The 2015 Springfield Lasers season was the 20th season of the franchise in World TeamTennis (WTT).

The Lasers had 3 wins and 11 losses, the worst record in WTT in 2015, and failed to qualify for the playoffs.

Season recap

Trade for Isner and draft
At the WTT Draft on March 16, 2015, it was announced that the Lasers had acquired the top-ranked American player John Isner in a trade with the Boston Lobsters for undisclosed consideration which was presumably financial, since no other players or draft choices were moved in connection with the deal. As the trade was announced, Isner said, "I’m really looking forward to joining the Springfield Lasers. I know Springfield has first-class tennis fans and the Lasers have been extremely close to bringing home the King Trophy the past couple of seasons. I’m very hopeful to help put them over the top in 2015." In the roster portion of the draft, the Lasers protected Anna-Lena Grönefeld and Michael Russell and selected Andre Begemann and roster-exempt player Alison Riske.

Other player transactions
On May 12, 2015, the Lasers signed Shelby Rogers as a substitute player. Rogers was a member of the 2014 WTT Champion Washington Kastles.

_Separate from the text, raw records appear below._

Lemma chain_count_rcons k x r a :
  chain_count k.+1 x (rcons r a) =
  (\sum_(z | lt z x && (rk z == a)) chain_count k z r)%N.
Proof.
rewrite /chain_count -sum1_card.
rewrite (reindex (fun p : k.-tuple T * T => [tuple of rcons p.1 p.2])) /=; last first.
  exists (fun t : k.+1.-tuple T =>
            ([tuple of belast (thead t) (behead t)], last (thead t) (behead t))).
    move=> [t z] _ /=.
    have := tuple_lastI [tuple of rcons t z]; rewrite /= => /eqP.
    rewrite eqseq_rcons => /andP[/eqP e1 /eqP e2].
    by congr pair; [apply: val_inj; rewrite /= -e1 | rewrite -e2].
  by move=> u _; apply: val_inj; rewrite /= -tuple_lastI.
rewrite -(pair_big_dep xpredT (fun (t : k.-tuple T) (z : T) =>
  path lt bot (rcons (rcons t z) x) && (map rk (rcons t z) == rcons r a))
  (fun _ _ => 1%N)) /=.
under eq_bigr => t _ do rewrite big_mkcond /=.
rewrite exchange_big /= [RHS]big_mkcond /=; apply: eq_bigr => z _.
rewrite -sum1_card [in RHS]big_mkcond /=; case: ifP => hz.
  apply: eq_bigr => t _; rewrite rcons_path last_rcons map_rcons eqseq_rcons.
  by case/andP: hz => -> ->; rewrite !andbT.
rewrite big1 // => t _; rewrite rcons_path last_rcons map_rcons eqseq_rcons.
by move: hz; case: (lt z x); case: (rk z == a); rewrite //= !andbF.
Qed.

End Chains.

Section SetsOfOrdinals.
Variable n : nat.

Definition max_elt (S : {set 'I_n}) (j : 'I_n) :=
  (j \in S) && (S \subset [set i : 'I_n | (i <= j)%N]).

Lemma max_elt_uniq S j1 j2 : max_elt S j1 -> max_elt S j2 -> j1 = j2.
Proof.
case/andP=> h1 /subsetP s1 /andP[h2 /subsetP s2]; apply: val_inj.
have := s1 _ h2; have := s2 _ h1; rewrite !inE => a b.
by apply/eqP; rewrite eqn_leq a b.
Qed.

Lemma max_eltP S : S != set0 -> {j | max_elt S j}.
Proof.
rewrite -card_gt0 => hS.
have [i0 hi0 hmax] := eq_bigmax_cond (fun i : 'I_n => val i) hS.
exists i0; rewrite /max_elt hi0; apply/subsetP => i hi; rewrite inE -hmax.
exact: leq_bigmax_cond.
Qed.

Lemma max_elt_setU1 (j : 'I_n) (S : {set 'I_n}) :
  max_elt (j |: S) j = (S \subset [set i : 'I_n | (i <= j)%N]).
Proof. by rewrite /max_elt setU11 subUset sub1set !inE leqnn. Qed.

Lemma sum_nonempty_by_max (F : {set 'I_n} -> {poly int}) :
  \sum_(S : {set 'I_n} | S != set0) F S =
  \sum_(j < n) \sum_(S : {set 'I_n} | S \subset [set i : 'I_n | (i < j)%N]) F (j |: S).
Proof.
have by_max (j : 'I_n) : \sum_(S : {set 'I_n} | max_elt S j) F S =
    \sum_(S : {set 'I_n} | S \subset [set i : 'I_n | (i < j)%N]) F (j |: S).
  rewrite (reindex_onto (fun S => j |: S) (fun S => S :\ j)); last first.
    by move=> S /andP[hj _]; rewrite setD1K.
  apply: eq_bigl => S; rewrite max_elt_setU1; apply/andP/idP.
    case=> /subsetP hs /eqP hD; apply/subsetP => i hi.
    have hij : i != j by apply: contraTneq hi => ->; rewrite -hD setD11.
    by have := hs i hi; rewrite !inE ltn_neqAle val_eqE hij.
  move/subsetP => hs.
  have hjS : j \notin S by apply/negP => /hs; rewrite inE ltnn.
  split; last by rewrite setU1K.
  by apply/subsetP => i /hs; rewrite !inE => /ltnW.
under [RHS]eq_bigr => j _ do rewrite -by_max big_mkcond /=.
rewrite exchange_big /= [LHS]big_mkcond /=; apply: eq_bigr => S _.
have [->|hS] := eqVneq S set0.
  by rewrite big1 // => j _; rewrite /max_elt inE.
have [j hj] := max_eltP hS.
rewrite -big_mkcond /= (big_pred1 j) // => k /=.
by apply/idP/idP => [hk | /eqP ->]; rewrite ?(max_elt_uniq hk hj).
Qed.

Lemma sorted_enum_set (A : {set 'I_n}) : sorted ltn (map val (enum A)).
Proof.
rewrite -[enum _](eq_filter (mem_enum _)).
rewrite -(eq_filter (mem_map val_inj _)) -filter_map.
by rewrite (sorted_filter ltn_trans) // unlock val_ord_enum iota_ltn_sorted.
Qed.

Lemma enum_setU1_max (j : 'I_n) (S : {set 'I_n}) :
  S \subset [set i : 'I_n | (i < j)%N] ->
  map val (enum (j |: S)) = rcons (map val (enum S)) (val j).
Proof.
move=> /subsetP hs.
apply: (irr_sorted_eq ltn_trans ltnn); first exact: sorted_enum_set.
  rewrite (sorted_pairwise ltn_trans) -cats1 pairwise_cat /= andbT.
  rewrite -(sorted_pairwise ltn_trans) sorted_enum_set andbT.
  apply/allrelP => a b /mapP[i hi ->]; rewrite inE => /eqP ->.
  by rewrite mem_enum in hi; have := hs i hi; rewrite inE.
move=> y; rewrite mem_rcons inE; apply/mapP/idP.
  case=> i; rewrite mem_enum !inE => /orP[/eqP -> | hi] ->; rewrite ?eqxx //.
  by apply/orP; right; apply: map_f; rewrite mem_enum.
case/orP=> [/eqP -> | /mapP[i hi ->]].
  by exists j => //; rewrite mem_enum setU11.
by exists i => //; rewrite mem_enum !inE -(mem_enum S) hi orbT.
Qed.

End SetsOfOrdinals.

Section MacMahon.
Variable n : nat.

Definition theta_letter (S : {set 'I_n}) (i : 'I_n) : {poly int} :=
  if i \in S then 'X^(i.+1) else 1 - 'X^(i.+1).

Lemma Theta_vS (S : {set 'I_n}) : Theta (vS S) = \prod_(i < n) theta_letter S i.
Proof.
have -> : \prod_(i < n) theta_letter S i = \prod_(i < n) \sum_(b : bool)
    ((coef_letter (i \in S) b)%:P * (if b then 'X^(i.+1) else 1)).
  apply: eq_bigr => i _; rewrite big_bool /= /theta_letter /coef_letter.
  case: (i \in S) => /=; first by rewrite polyC1 polyC0 mul1r mul0r addr0.
  by rewrite polyCN polyC1 mulN1r mulr1 addrC.
rewrite bigA_distr_bigA /= /Theta.
rewrite (reindex (fun g : {ffun 'I_n -> bool} => [tuple g i | i < n])) /=; last first.
  exists (fun w : n.-tuple bool => [ffun i => tnth w i]) => g _.
    by apply/ffunP => i; rewrite ffunE tnth_mktuple.
  by apply: eq_from_tnth => i; rewrite tnth_mktuple ffunE.
apply: eq_bigr => g _.
rewrite /vS ffunE -mul_polyC rmorph_prod [X in _ * X]big_mkcond -big_split /=.
by apply: eq_bigr => i _; rewrite !tnth_mktuple.
Qed.

End MacMahon.

Section GradedPoset.
Variables (T : finType) (lt : rel T) (rk : T -> nat) (bot : T) (n : nat).
Hypothesis lt_rk : forall a b, lt a b -> (rk a < rk b)%N.

Local Notation flag := (flag_number lt rk bot).

Lemma Theta_abindex top : Theta (abindex lt rk bot top n) =
  \sum_(S : {set 'I_n}) (flag top S)%:R * \prod_(i < n) theta_letter S i.
Proof.
rewrite /Theta; under eq_bigr => w _ do rewrite ffunE scaler_suml.
rewrite exchange_big /=; apply: eq_bigr => S _.
rewrite -Theta_vS /Theta mulr_sumr; apply: eq_bigr => w _.
by rewrite -scalerA -[Posz _]natz scaler_nat mulr_natl.
Qed.

Lemma flag_number_set0 x : flag x (set0 : {set 'I_n}) = lt bot x.
Proof.
rewrite /flag_number cards0.
case hx: (lt bot x).
  apply: (@eq_card1 _ [tuple]) => t; rewrite [t]tuple0 !inE /= hx.
  by apply/eqP; rewrite enum_set0.
by apply: eq_card0 => t; rewrite [t]tuple0 !inE /= hx.
Qed.

Lemma path_rank_lt b t x : path lt b (rcons t x) ->
  (rk b < rk x)%N /\ (forall y, y \in t -> (rk y < rk x)%N).
Proof.
elim: t b => [|y t IH] b /=; first by case/andP=> /lt_rk.
case/andP=> hby /IH [h1 h2]; split; first exact: ltn_trans (lt_rk hby) h1.
by move=> z; rewrite inE => /orP[/eqP -> | /h2].
Qed.

Lemma flag_number_support x (S : {set 'I_n}) :
  flag x S != 0%N -> S \subset [set i : 'I_n | (i.+1 < rk x)%N].
Proof.
apply: contraR => /subsetPn [i hi]; rewrite inE => hni.
apply/eqP/eq_card0 => t; rewrite !inE; apply/negP => /andP[/path_rank_lt [_ h] /eqP hm].
have : (val i).+1 \in [seq rk y | y <- val t].
  by rewrite hm; apply/mapP; exists i => //; rewrite mem_enum.
by case/mapP => y /h hy hyi; rewrite hyi hy in hni.
Qed.

Lemma flag_number_setU1 x (j : 'I_n) (S : {set 'I_n}) :
  S \subset [set i : 'I_n | (i < j)%N] ->
  flag x (j |: S) = (\sum_(z | lt z x && (rk z == j.+1)) flag z S)%N.
Proof.
move=> hs.
have hj : j \notin S by apply/negP => /(subsetP hs); rewrite inE ltnn.
have em : [seq (val i).+1 | i <- enum (j |: S)] =
          rcons [seq (val i).+1 | i <- enum S] j.+1.
  by rewrite (map_comp succn val) enum_setU1_max // map_rcons -map_comp.
rewrite /flag_number cardsU1 hj em.
exact: (chain_count_rcons lt rk bot #|S| x).
Qed.

Lemma prod_theta_letter_setU1 x (j : 'I_n) (S : {set 'I_n}) :
  S \subset [set i : 'I_n | (i < j)%N] -> (j.+1 < rk x)%N ->
  \prod_(i < n | (i.+1 < rk x)%N) theta_letter (j |: S) i =
  'X^(j.+1) * \prod_(i < n | (j.+1 <= i)%N && (i.+1 < rk x)%N) (1 - 'X^(i.+1))
    * \prod_(i < n | (i.+1 < j.+1)%N) theta_letter S i.
Proof.
move=> /subsetP hs hjx.
rewrite (bigD1 j) //= {1}/theta_letter setU11 -mulrA; congr (_ * _).
rewrite (bigID (fun i : 'I_n => (i < j)%N)) /= mulrC; congr (_ * _).
  apply: eq_big => i.
    rewrite -leqNgt; have [->|hij] /= := eqVneq i j; first by rewrite ltnn !andbF.
    rewrite andbT; case: (i.+1 < rk x)%N; rewrite ?andbF //= andbT.
    by rewrite (ltn_neqAle j) eq_sym val_eqE hij.
  case/andP=> /andP[_ hij] hle; rewrite /theta_letter !inE (negPf hij).
  by case: ifP => // /hs; rewrite inE => hlt; rewrite hlt in hle.
apply: eq_big => i.
  rewrite ltnS; case: (ltnP i j) => hij; rewrite ?andbF //= andbT.
  by rewrite (leq_ltn_trans hij (ltnW hjx)) -val_eqE /= neq_ltn hij.
case/andP=> _ hij; rewrite /theta_letter !inE.
by rewrite -val_eqE /= (ltn_eqF hij).
Qed.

On July 10, 2015, the Lasers announced that Rogers would miss the 2015 season due to an injury. In her place, the Lasers signed Varvara Lepchenko and Sachia Vickery as substitute players.

A season of struggles
Things didn't go well for the Lasers from the start of the season. They lost their first four matches with three of those losses coming at home. They finally broke through with a win in front of the home fans on July 17, against the San Diego Aviators. Anna-Lena Grönefeld and Sachia Vickery earned a key 5–1 set win in women's doubles to help the cause. Grönefeld teamed with Andre Begemann in mixed doubles to win the final set in a tiebreaker and close out the victory.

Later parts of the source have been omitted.